I wykazał niewielką utratę białka po tygodniu. Zacznij od przygotowania 10% roztworu podstawowego komórek B, zawierającego lipidy i detergent. Aby to zrobić, weź wstępnie wysuszony lipid, który jest mieszanką pięciu molowych procent cholesterolu i 95 molowych procent DMPC i dodaj do niego roztwór detergentu CHAPSO w wodzie dejonizowanej.

Za pomocą sonikatora do kąpieli wodnej ponownie zawiesić mieszaninę lipidów i detergentów, sonikując ją w lodowatej wodzie pod ciągłą mocą, aż roztwór będzie klarowny. Następnie za pomocą filtra odśrodkowego o średnicy 0,2 mikrona usuń wszelkie nierozpuszczone składniki. Następnie, pracując na lodzie, połącz powstały roztwór podstawowy komórek B z wcześniej przygotowaną próbką białka w stosunku objętościowym od jednego do czterech.

Inkubować mieszaninę białek B na lodzie przez 30 minut. W celu krystalizacji na 48-dołkowej płytce należy zmieszać 0,5 lub jeden mikrolitr mieszaniny komórek B z równą objętością roztworu rezerwuaru krystalizacji.
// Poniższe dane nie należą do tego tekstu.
Lemma fincard_card_eq (T U : Type) (A : set T) (B : set U) :
  (A #= B)%card -> fincard A = fincard B.
Proof.
move=> AB; rewrite /fincard; congr xget; apply/funext => n; apply/propext.
by split=> [An|Bn]; [exact: card_eq_trans (card_esym AB) An | exact: card_eq_trans AB Bn].
Qed.

Lemma fincard_finset (T : finType) (W : {set T}) : fincard [set` W] = #|W|.
Proof.
apply: fincard_eq; have -> : [set` W] = [set` [fset x in W]%fset].
  by apply/funext => x; apply/propext; rewrite /= !inE.
by apply/card_eq_fsetP; rewrite card_finset.
Qed.

Lemma fincard_inj_image (T U : Type) (A : set T) (f : T -> U) :
  {in A &, injective f} -> fincard (f @` A) = fincard A.
Proof. by move=> f_inj; apply: fincard_card_eq; exact: inj_card_eq. Qed.

Lemma subset_leq_fincard (T : Type) (A B : set T) :
  finite_set B -> A `<=` B -> (fincard A <= fincard B)%N.
Proof.
move=> finB AB; have /finite_setP[m Am] := sub_finite_set AB finB.
have /finite_setP[n Bn] := finB.
rewrite (fincard_eq Am) (fincard_eq Bn) -card_le_II.
by rewrite -(card_le_eql Am) -(card_le_eqr Bn); exact: subset_card_le.
Qed.

Lemma fincard_gt0 (T : Type) (A : set T) : finite_set A -> A !=set0 -> (0 < fincard A)%N.
Proof.
move=> /finite_setP[[|n] An] [x Ax]; last by rewrite (fincard_eq An).
by move: An; rewrite II0 card_eq0 => /eqP A0; rewrite A0 in Ax.
Qed.

Definition almost_invariant (R : cell_space) (F0 : set (csM R)) (TA : finType)
    (eA : TA -> csM R) (c : nat) :=
  forall t, (c * fincard (F0 `\` [set m | F0 (cact (cg m) (eA t))]) < fincard F0)%N.

Section FolnerWindow.
Variable R : cell_space.
Local Notation M := (csM R).
Variables (Q : finType) (X : set (M -> Q)) (TA : finType) (eA : TA -> M) (p : M -> Q).
Hypotheses (X_neq0 : X !=set0) (eA_inj : injective eA) (fin_stab : finite_set (stab R)).
Hypothesis X_orphan : forall m y, X y -> exists t, y (cact (cg m) (eA t)) != p (eA t).

Let a := #|TA|.
Let s := fincard (stab R).

Lemma card_pattern_gt0 : (0 < a)%N.
Proof.
by have [y /(X_orphan (cm0 R))[t _]] := X_neq0; apply/card_gt0P; exists t.
Qed.

Lemma card_cact_fiber (T : finType) (u : T -> M) (x b : M) : injective u ->
  (#|[set j | `[< cact (cg (u j)) x = b >]]%SET| <= s)%N.
Proof.
move=> u_inj; set W := finset _.
(* [j] is determined by the stabiliser element [g_b^-1 g_(u j) g_x]. *)
pose f j := gmul (ginv (cg b)) (gmul (cg (u j)) (cg x)).
have f_inj : {in [set` W] &, injective f}.
  move=> j j' _ _ /(congr1 (gmul (cg b))); rewrite !gmulKV => /gmulIg e.
  by apply: u_inj; rewrite -(cgP (u j)) -(cgP (u j')) e.
rewrite -fincard_finset -(fincard_inj_image f_inj) subset_leq_fincard //.
move=> g [j /=]; rewrite inE => /asboolP jx <-.
by rewrite /stab /= /f !cactM cgP jx -{2}(cgP b) cactK.
Qed.

Variable F0 : set M.
Hypothesis finF0 : finite_set F0.

Let cell := fset_sub_type (fset_set (F0 : set {classic M})).
Let v (j : cell) : M := fsval j.

Let v_inj : injective v.
Proof. exact: val_inj. Qed.

Let F0_v (j : cell) : F0 (v j).
Proof. by have := fsvalP j; rewrite in_fset_set // in_setE. Qed.

Let v_onto m : F0 m -> exists j, v j = m.
Proof.
move=> F0m; have mF0 : (m : {classic M}) \in fset_set (F0 : set {classic M}).
  by rewrite in_fset_set // in_setE.
by exists (FSetSub mF0).
Qed.

Let fincard_v_image (W : {set cell}) : fincard (v @` [set` W]) = #|W|.
Proof. by rewrite fincard_inj_image ?fincard_finset // => j j' _ _ /v_inj. Qed.

Let fincard_F0I (P : set M) : fincard (F0 `&` P) = #|[set j | `[< P (v j) >]]%SET|.
Proof.
rewrite -fincard_v_image; congr fincard; apply/seteqP; split=> [m [/v_onto[j <-] Pj]|m [j]].
  by exists j; rewrite //= inE; apply/asboolP.
by rewrite /= inE => /asboolP Pj <-.
Qed.

Let fincard_F0 : fincard F0 = #|cell|.
Proof.
have := fincard_F0I setT; rewrite setIT => ->.
by apply: eq_card => j; rewrite !inE; apply/asboolP.
Qed.

Definition patch (j : cell) : {set cell} :=
  [set j' | `[< exists t, v j' = cact (cg (v j)) (eA t) >]]%SET.

Definition interior : {set cell} :=
  [set j | `[< forall t, F0 (cact (cg (v j)) (eA t)) >]]%SET.

Definition shifted_pattern (j : cell) : {ffun cell -> Q} :=
  [ffun x => p (cact (ginv (cg (v j))) (v x))].

Definition traces : {set {ffun cell -> Q}} :=
  [set f : {ffun cell -> Q} | `[< exists2 y, X y & forall x, f x = y (v x) >]]%SET.

Lemma card_patch j : j \in interior -> #|patch j| = a.
Proof.
rewrite inE => /asboolP jI; rewrite -fincard_v_image /a -cardsT -fincard_finset.
rewrite -(@fincard_inj_image _ _ _ (fun t => cact (cg (v j)) (eA t))); last first.
  by move=> t t' _ _ /cact_inj/eA_inj.
congr fincard; apply/seteqP; split=> [m [j' /=]|m [t _ <-]].
  by rewrite inE => /asboolP[t ->] <-; exists t; rewrite /= ?inE.
have [j' vj'] := v_onto (jI t); exists j' => //.
by rewrite /= inE; apply/asboolP; exists t.
Qed.

Lemma traces_avoid j : j \in interior ->
  forall f, f \in traces -> exists2 x, x \in patch j & f x != shifted_pattern j x.
Proof.
rewrite inE => /asboolP jI f; rewrite inE => /asboolP[y /(X_orphan (v j))[t yt] fy].
have [x vx] := v_onto (jI t).
exists x; first by rewrite inE; apply/asboolP; exists t.
by rewrite fy ffunE vx cactK.
Qed.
Następnie ustaw krystalizację w trybie dyfuzji pary w wiszącej kropli, używając 48-dołkowej płytki i inkubuj zestaw do krystalizacji w temperaturze 20 stopni Celsjusza.

Następnego dnia sprawdź tacki do krystalizacji, aby upewnić się, że szkło nakrywkowe jest prawidłowo uszczelnione. Sprawdzaj wzrost kryształów co najmniej raz dziennie, używając stołowego mikroskopu stereoskopowego wyposażonego w polaryzator. Na koniec namocz kryształy białka w 0,2-molowym malonianu sodu i błyskawicznie zamroź je w pętlach kriogenicznych o długości 50 lub 100 mikrometrów przy użyciu ciekłego azotu.

Dojrzałe kryształy, które nadawały się do zbierania danych, zwykle pojawiały się w ciągu jednego do dwóch tygodni i generalnie miały wymiary 50 mikronów na 100 mikronów na dwa mikrony.